Quote the material below exactly as written, from the first line to the line that holds "apply (derivable_pt_lim_comp (fun x", endpoints included.

*** Opening of Material supplied ***

Lemma Gprop_transport X Y T : alpha < X -> 0 < Y -> 0 < T ->
  exists d,
    derivable_pt_lim (fun x => Wbar gs alpha x * Gprop gs alpha dZ1 x Y T) X d /\
    derivable_pt_lim (fun t => Gprop gs alpha dZ1 X Y t) T (- d).
Proof.
  intros HX HY HT. set (tau := Z1inv gs alpha X).
  assert (Htau : 0 < tau) by exact (proj1 (Z1inv_spec X HX)).
  destruct (flux_derivable Y (T + tau) HY ltac:(lra)) as [l Hl].
  apply is_derive_Reals in Hl.
  exists (- (l * / dZ1 tau)). split.
  - apply (derivable_pt_lim_ext_loc (fun x => - flux Y (T + Z1inv gs alpha x)) _ _ _ (X - alpha));
      [lra | intros x Hx; symmetry; apply Wbar_Gprop; apply Rabs_def2 in Hx; lra |].
    apply (derivable_pt_lim_opp (fun x => flux Y (T + Z1inv gs alpha x))).
    apply (derivable_pt_lim_comp (fun x => T + Z1inv gs alpha x) (flux Y)); [|exact Hl].
    replace (/ dZ1 tau) with (0 + / dZ1 tau) by ring.
    apply (derivable_pt_lim_plus (fct_cte T)); [apply derivable_pt_lim_const | now apply Z1inv_derive].
  - replace (- - (l * / dZ1 tau)) with (/ dZ1 tau * l) by ring.
    apply Gprop_time_derive; [exact HX | lra | exact Hl].
Qed.

Definition cap_integral (X Y : R) : R :=
  / dZ1 (Z1inv gs alpha X) * (ln (Y + alpha) - ln (Y + X)).

(* G(X, Y; .) = (1 / Z_1'(tau)) d/dT ln (Y + Z_1(T + tau)) and Z_1 -> alpha at infinity. *)
Lemma Gprop_integral X Y : alpha < X -> 0 < Y ->
  improper_int_0_infty (fun T => Gprop gs alpha dZ1 X Y T) (cap_integral X Y).
Proof.
  intros HX HY. set (tau := Z1inv gs alpha X).
  destruct (Z1inv_spec X HX) as [Htau Hval]. fold tau in Htau, Hval.
  set (P := fun t => / dZ1 tau * ln (Y + Z1 gs alpha (t + tau))).
  assert (HZ : forall u, 0 < u -> alpha < Z1 gs alpha u) by exact (profile_gt _ _ Sigma_pos Halpha).
  replace (cap_integral X Y) with (/ dZ1 tau * ln (Y + alpha) - P 0)
    by (unfold cap_integral, P; rewrite Rplus_0_l, Hval; fold tau; ring).
  apply improper_int_antiderivative.
  - intros t Ht. unfold P.
    replace (Gprop gs alpha dZ1 X Y t) with
      (/ dZ1 tau * (/ (Y + Z1 gs alpha (t + tau)) * (0 + dZ1 (t + tau) * (1 + 0))))
      by (rewrite Gprop_flux; unfold flux, Rdiv; fold tau; ring).
    apply (derivable_pt_lim_scal (fun t => ln (Y + Z1 gs alpha (t + tau)))).
    apply (derivable_pt_lim_comp (fun t => Y + Z1 gs alpha (t + tau)) ln);
      [| apply derivable_pt_lim_ln; generalize (HZ (t + tau) ltac:(lra)); lra].
    apply (derivable_pt_lim_plus (fct_cte Y)); [apply derivable_pt_lim_const|].
    apply (derivable_pt_lim_comp (fun t => t + tau) (Z1 gs alpha)); [|apply HdZ1; lra].
    apply (derivable_pt_lim_plus id (fct_cte tau)); [apply derivable_pt_lim_id | apply derivable_pt_lim_const].
  - intros t Ht. destruct (flux_derivable Y (t + tau) HY ltac:(lra)) as [l Hl].
    apply derivable_continuous_pt. exists (/ dZ1 tau * l).
    apply Gprop_time_derive; [exact HX | exact Ht | now apply is_derive_Reals].
  - apply (lim_infty_continuous (fun t => Z1 gs alpha (t + tau)) (fun z => / dZ1 tau * ln (Y + z))).
    + apply lim_infty_shift, (profile_tends _ _ Sigma_pos Halpha).
    + apply continuity_pt_filterlim.
      apply (ex_derive_continuous (fun z => / dZ1 tau * ln (Y + z))). auto_derive. lra.
Qed.

Lemma cap_limit X : alpha < X ->
  lim_infty (fun Y => Y * cap_integral X Y) ((alpha - X) / dZ1 (Z1inv gs alpha X)).
Proof.
  intros HX. unfold Rdiv. rewrite Rmult_comm.
  apply (lim_infty_scal (fun Y => Y * (ln (Y + alpha) - ln (Y + X)))).
  - intros Y. unfold cap_integral. ring.
  - now apply log_gap_limit.
Qed.

Lemma cap_value X : alpha < X ->
  (alpha - X) / dZ1 (Z1inv gs alpha X) = / sqrt ((X + alpha) ^ 2 - 2 * gs / alpha).
Proof.
  intros HX. rewrite dZ1_at_inverse by exact HX.
  assert (HW := Wbar_pos X HX). unfold Wbar in *.
  assert (0 < sqrt ((X + alpha) ^ 2 - 2 * gs / alpha)) by (apply Rmult_lt_reg_l with (X - alpha); lra).
  field. lra.
Qed.
End CDTPropagator.

Theorem mainTheorem10 (lam gs alpha : R) (dZ1 : R -> R)
  (Hlam : 0 < lam) (Hgs : 0 < gs) (Halpha : 0 < alpha)
  (Hroot : alpha ^ 3 - lam * alpha + gs = 0)
  (Hineq : gs < 2 * alpha ^ 3)
  (HdZ1 : forall T, 0 < T -> derivable_pt_lim (Z1 gs alpha) T (dZ1 T)) :
  forall X, alpha < X ->
    (forall Y, 0 < Y -> Gprop gs alpha dZ1 X Y 0 = / (X + Y)) /\
    (forall Y T, 0 < Y -> 0 < T ->
       exists d,
         derivable_pt_lim (fun x => Wbar gs alpha x * Gprop gs alpha dZ1 x Y T) X d /\
         derivable_pt_lim (fun t => Gprop gs alpha dZ1 X Y t) T (- d)) /\
    (exists I : R -> R,
       (forall Y, 0 < Y -> improper_int_0_infty (fun T => Gprop gs alpha dZ1 X Y T) (I Y)) /\
       lim_infty (fun Y => Y * I Y) ((alpha - X) / dZ1 (Z1inv gs alpha X)) /\
       (alpha - X) / dZ1 (Z1inv gs alpha X) = / sqrt ((X + alpha) ^ 2 - 2 * gs / alpha)).
Proof.
  intros X HX. split; [|split].
  - intros Y HY. now apply Gprop_initial.
  - intros Y T HY HT. now apply Gprop_transport.
  - exists (cap_integral gs alpha dZ1 X). split; [|split].
    + intros Y HY. now apply Gprop_integral.
    + now apply cap_limit.
    + now apply cap_value.
Qed.
Lemma is_ord_partitionE k (P : k.-tuple {set 'I_n}) : is_ord_partition P = is_part P.
Proof.
rewrite /is_ord_partition /is_part.
have -> : [forall i, tnth P i != set0] = (set0 \notin tval P).
  apply/forallP/negP => [nz /tnthP[i ei] | nP i]; first by move: (nz i); rewrite -ei eqxx.
  by apply: contra_not_neq nP => ei; apply/tnthP; exists i.
case: (set0 \notin tval P) => //=.
apply/andP/forallP => [[/forallP disj /eqP cover] x | one].
  have /bigcupP[i _ xi] : x \in \bigcup_(i < k) tnth P i by rewrite cover inE.
  rewrite count_tnth; apply/card1P; exists i => j; rewrite inE /=.
  apply/idP/eqP => [xj | -> //]; apply/eqP; apply: contraT => ji.
  by rewrite (disjointFr (implyP (forallP (disj j) i) ji) xj) in xi.
have block_of x : exists i, [pred j | x \in tnth P j] =i pred1 i.
  by apply/card1P; rewrite -(count_tnth _ (fun B : {set 'I_n} => x \in B)); apply: one.
split.
  apply/forallP => i; apply/forallP => j; apply/implyP => ij.
  rewrite disjoint_subset; apply/subsetP => x xi; rewrite inE /=; apply/negP => xj.
  have [l el] := block_of x; have := el i; have := el j; rewrite !inE xi xj.
  by move=> /esym/eqP ej /esym/eqP ei; rewrite ei ej eqxx in ij.
apply/eqP/setP => x; rewrite inE; have [l el] := block_of x.
by apply/bigcupP; exists l; have := el l; rewrite // !inE eqxx.
Qed.

Lemma part_perm_enum s : is_part s -> perm_eq (block_seq s) (enum 'I_n).
Proof.
case/andP => _ /forallP one; apply/allP => x _; rewrite /= count_block_seq.
by rewrite (eqP (one x)) count_uniq_mem ?enum_uniq // mem_enum.
Qed.

Lemma size_block_seq_part s : is_part s -> size (block_seq s) = n.
Proof. by move/part_perm_enum/perm_size; rewrite size_enum_ord. Qed.

Lemma size_part s : is_part s -> (size s <= n)%N.
Proof.
move=> ps; rewrite -[X in (_ <= X)%N](size_block_seq_part ps) size_block_seq.
case/andP: ps => nz _; elim: s nz => [|B s IHs] //=.
rewrite inE negb_or big_cons eq_sym -card_gt0 => /andP[B0 nz].
by rewrite -add1n leq_add // IHs.
Qed.

Lemma is_part_neq0 s A : is_part s -> A \in s -> A != set0.
Proof. by case/andP => s0 _ As; apply: contraNneq s0 => <-. Qed.

Lemma is_part_disjoint pre A B post : is_part (pre ++ A :: B :: post) -> [disjoint A & B].
Proof.
case/andP => _ /forallP one; rewrite disjoint_subset; apply/subsetP => x xA.
by rewrite inE /=; apply/negP => xB; have := one x; rewrite count_cat /= xA xB; lia.
Qed.

End SeqPartitions.

Section PrefixSums.
Variable R : realDomainType.
Implicit Types b : seq R.

Definition prefix_sum b i := \sum_(x <- take i b) x.

Definition prefix_sums_pos b := all (fun i => 0 < prefix_sum b i.+1) (iota 0 (size b)).

Lemma prefix_sumE b m i : size b = m -> (i <= m)%N ->
  prefix_sum b i = \sum_(j < m | (j < i)%N) b`_j.
Proof.
move=> <- ib; rewrite /prefix_sum (big_nth 0) size_takel // big_mkord.
rewrite (big_ord_widen_cond (size b) xpredT) //.
by apply: eq_bigr => j /= ji; rewrite nth_take.
Qed.

Lemma prefix_sums_posE (T : Type) (f : T -> R) k (t : k.-tuple T) :
  [forall i : 'I_k, 0 < \sum_(j < k | (j <= i)%N) f (tnth t j)] =
  prefix_sums_pos (map f t).
Proof.
have E (i : 'I_k) :
    \sum_(j < k | (j <= i)%N) f (tnth t j) = prefix_sum (map f t) i.+1.
  rewrite (prefix_sumE (m := k)) ?size_map ?size_tuple //.
  by apply: eq_bigr => j _; rewrite -tnth_map (tnth_nth 0).
rewrite /prefix_sums_pos size_map size_tuple.
apply/forallP/allP => [pos i | pos i].
  by rewrite mem_iota => /= ik; have := pos (Ordinal ik); rewrite E.
by rewrite E; apply: pos; rewrite mem_iota add0n ltn_ord.
Qed.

*** Close of Material supplied ***

The completed task:
Lemma Gprop_transport X Y T : alpha < X -> 0 < Y -> 0 < T ->
  exists d,
    derivable_pt_lim (fun x => Wbar gs alpha x * Gprop gs alpha dZ1 x Y T) X d /\
    derivable_pt_lim (fun t => Gprop gs alpha dZ1 X Y t) T (- d).
Proof.
  intros HX HY HT. set (tau := Z1inv gs alpha X).
  assert (Htau : 0 < tau) by exact (proj1 (Z1inv_spec X HX)).
  destruct (flux_derivable Y (T + tau) HY ltac:(lra)) as [l Hl].
  apply is_derive_Reals in Hl.
  exists (- (l * / dZ1 tau)). split.
  - apply (derivable_pt_lim_ext_loc (fun x => - flux Y (T + Z1inv gs alpha x)) _ _ _ (X - alpha));
      [lra | intros x Hx; symmetry; apply Wbar_Gprop; apply Rabs_def2 in Hx; lra |].
    apply (derivable_pt_lim_opp (fun x => flux Y (T + Z1inv gs alpha x))).
    apply (derivable_pt_lim_comp (fun x => T + Z1inv gs alpha x) (flux Y)); [|exact Hl].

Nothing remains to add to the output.